# “Lebesgue-measurable” cardinals and real-closed fields

I understand the motivation behind measurable cardinals is to ask the question: "is there any set large enough to admit a non-trivial measure on all of its subsets?"

Hence, it's also worthwhile to ask the question "is there any real-closed field large enough to admit a non-trivial 'Lebesgue' measure on all of its subsets?" Here's one way to formulate this question precisely:

First, let $\Bbb R^*$ be our real-closed field, noting that it can be non-Archimedean.

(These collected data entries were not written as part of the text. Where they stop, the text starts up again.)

Lemma ninv_switch (u : seq 'I_n) a p :
  block_inversion (wact (a :: u)) p != block_inversion (wact u) p ->
  (ninv (wact (a :: u)) + block_inversion (wact u) p =
   ninv (wact u) + block_inversion (wact (a :: u)) p)%N.
Proof.
move=> sw; rewrite /ninv (bigD1 p) // [in RHS](bigD1 p) //=.
under eq_bigr => q qp.
  have -> : block_inversion (wact (a :: u)) q = block_inversion (wact u) q.
    by apply/eqP; apply: contraNT qp => /block_inversion_switch_unique/(_ sw) ->.
over.
lia.
Qed.

Lemma ninv_srefl (u : seq 'I_n) a : (ninv (wact (a :: u)) <= (ninv (wact u)).+1)%N.
Proof.
case: (pickP (fun p => block_inversion (wact (a :: u)) p != block_inversion (wact u) p)).
  move=> p /ninv_switch.
  by case: (block_inversion (wact (a :: u)) p); case: (block_inversion (wact u) p); lia.
move=> same; suff -> : ninv (wact (a :: u)) = ninv (wact u) by [].
by apply: eq_bigr => p _; move/negbT: (same p); rewrite negbK => /eqP ->.
Qed.

Lemma ninv_le_size (u : seq 'I_n) : (ninv (wact u) <= size u)%N.
Proof.
elim: u => [|a u IH]; last by apply: leq_trans (ninv_srefl u a) _.
rewrite /ninv big1 // => -[x k] _; rewrite /block_inversion /=.
by rewrite ltNge PoszD lerDl le0z_nat !andbF.
Qed.

Lemma ninv_descent (u : seq 'I_n) a x y p : a \in A -> all (fun b => b \in A) u ->
  x < y -> wact u x = p -> wact u y = p + 1 -> cls p = a ->
  ninv (wact (a :: u)) = (ninv (wact u)).+1.
Proof.
move=> aA uA xy wx wy pa.
have xy_blk : same_block x y.
  apply: same_block_trans (same_block_wact (x := x) uA) _; rewrite wx.
  apply: same_block_trans (same_block_sym (same_block_wact (x := y) uA)); rewrite wy.
  by move=> z hz; rewrite (_ : z = p) ?pa //; lia.
have k_lt : (absz (y - x) < n)%N.
  by rewrite -ltz_nat gez0_abs ?subr_ge0 ?same_block_lt // ltW.
pose k : 'I_n := Ordinal k_lt.
have yE : y = x + (k : nat)%:Z by rewrite /= gez0_abs; lia.
have before : block_inversion (wact u) (cls x, k) = false.
  by rewrite (block_inversion_at _ xy yE xy_blk) wx wy gtrDl ltr10.
have after : block_inversion (wact (a :: u)) (cls x, k) = true.
  by rewrite (block_inversion_at _ xy yE xy_blk) /= wx wy srefl_down // srefl_up // ltrDl ltr01.
by have := @ninv_switch u a (cls x, k); rewrite before after addn0 addn1 => /(_ isT).
Qed.

Lemma exists_short_word (u : seq 'I_n) : all (fun a => a \in A) u ->
  exists2 v, weq u v & (size v <= ninv (wact u))%N.
Proof.
move: {2}(ninv (wact u)) (erefl (ninv (wact u))) => N.
elim/ltn_ind: N u => N IH u uN uA; set m := wact (rev u).
(* A descent of the inverse m at p is removed by s_(cls p), which lowers ninv;
   without descents m increases along every block, hence is the identity. *)
case: (classic (exists p, cls p \in A /\ m (p + 1) < m p)) => [[p [pA desc]]|no_desc].
  have iuA : all (fun a => a \in A) (cls p :: u) by rewrite /= pA.
  have wx : wact (cls p :: u) (m (p + 1)) = p by rewrite /= wactK srefl_down.
  have wy : wact (cls p :: u) (m p) = p + 1 by rewrite /= wactK srefl_up.
  have cancel_p : ninv (wact [:: cls p, cls p & u]) = N.
    by rewrite -uN; apply: eq_ninv => z; rewrite /= sreflK.
  have := ninv_descent pA iuA desc wx wy erefl; rewrite cancel_p => ninv_iu.
  have [|v uv v_size] := IH _ _ (cls p :: u) erefl iuA; first lia.
  by exists (cls p :: v) => [z|/=]; [rewrite /= -uv /= sreflK|lia].
exists [::] => // x; suff m_id : m x = x by rewrite -[x in LHS]m_id wactK.
have [lo [hi [blk hx]]] := block_exists x.
apply: (increasing_block_id blk hx) => [z|q qA]; first by apply: same_block_wact; rewrite all_rev.
rewrite lt_neqAle (inj_eq (@wact_inj _)) lt_eqF ?ltrDl //= leNgt.
by apply/negP => desc; apply: no_desc; exists q.
Qed.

Second, let's generalize our notion of "measure." Given some $\Bbb R^*$, let $\Bbb R^{**}$ be a strictly larger real-closed field. Then we will allow our measure on $\Bbb R^*$ to take values in $\Bbb R^{**}$.

Now, we want to find real-closed fields $\Bbb R^*$ and $\Bbb R^{**}$, and a function $\mu: 2^{\Bbb R^*} \to \Bbb R^{**}$ which obeys the following:

1. For all $S \subseteq \Bbb R^*$, $\mu(S) \geq 0$.
2. $\mu(\emptyset) = 0$.
3. Countable additivity of pairwise disjoint sets.
4. $\mu([0,1]^*) = 1^{**}$.
5. $\mu$ is a complete measure.
6. $\mu$ is translation-invariant.

Now, here are the questions:

1. Can this measure space exist?
2. If so, then what relationship does this measure space have with the concept of a measurable cardinal?
• Why the votes to close? I certainly have not come across any discussion of hyperreal numbers when reading about measurable cardinals, and I don't understand why this would be off-topic. – Mike Battaglia Sep 12 '15 at 23:14
• Regarding the new question, the countably additivity requirement is problematic for $\mathbb{R}^{**}$-valued measures, since the field itself does not have the LUB property, and so one cannot just take the limit of the finite partial sums. Thus, it will be difficult in this context to assign a value to many infinite sums. – Joel David Hamkins Sep 13 '15 at 8:18
• I thought that using the larger field would fix that problem. Can you give an example of what you mean? – Mike Battaglia Sep 13 '15 at 8:22
• In general, sums such as $\sum_n a_n$ do not necessarily make sense in these fields, even when $a_n\leq \frac1{2^n}$, say. So it isn't clear what you would mean by countable additivity, if you had disjoints sets of measure $a_n$. – Joel David Hamkins Sep 13 '15 at 8:29
• Yes, I see. Well, that's frustrating. Is there some other additivity property that is somehow analogous for larger real-closed fields? This whole thing started because I was wondering about surreal-valued metrics on the surreals, but now I'm a bit frustrated at how "clunky" ordinary measure theory seems to be when you try to generalize anything. – Mike Battaglia Sep 13 '15 at 8:36

You say that $\kappa$ admits a $[0,1]$-valued measure, but actually, it is a $\{0,1\}$-valued measure; every subset of $\kappa$ has measure $0$ or $1$. If I am understanding your suggestion, you intend to measure subsets of the hyperreal unit interval $[0,1]$, which has size $\kappa$, by using that measure. Thus, every subset will continue to have measure either $0$ or $1$, and such a measure is never translation invariant. For example, if we cut the interval in half, then one half will have measure $1$ and the other will have measure $0$.
• Yes, that is correct, using a 2-valued measure you can construct such measures. For example, give yourself $\omega$ many sets of size $\kappa$, and decree that the $n^{th}$ one has value $2^{-n}$, using the original 2-valued measure to measure subsets; now measure subsets of the disjoint union by adding up. – Joel David Hamkins Sep 12 '15 at 23:37
• Such a measure has the property, however, that there are sets of measure $\frac12$, such that all subsets of it have measure either $0$ or $\frac12$, and this will not be true of any translation invariant measure of the kind you seek. – Joel David Hamkins Sep 12 '15 at 23:39
This is NOT an answer but a question related to the original question. Take $R^*=R$, the usual reals, then $R^{**}$ is $R^*$, a non-Archimedean extension. By your 3 and 4, the measure of the whole of $R$ is a sum of infinitely many ($\omega$) values $1$. How this can be a value in $R^*$?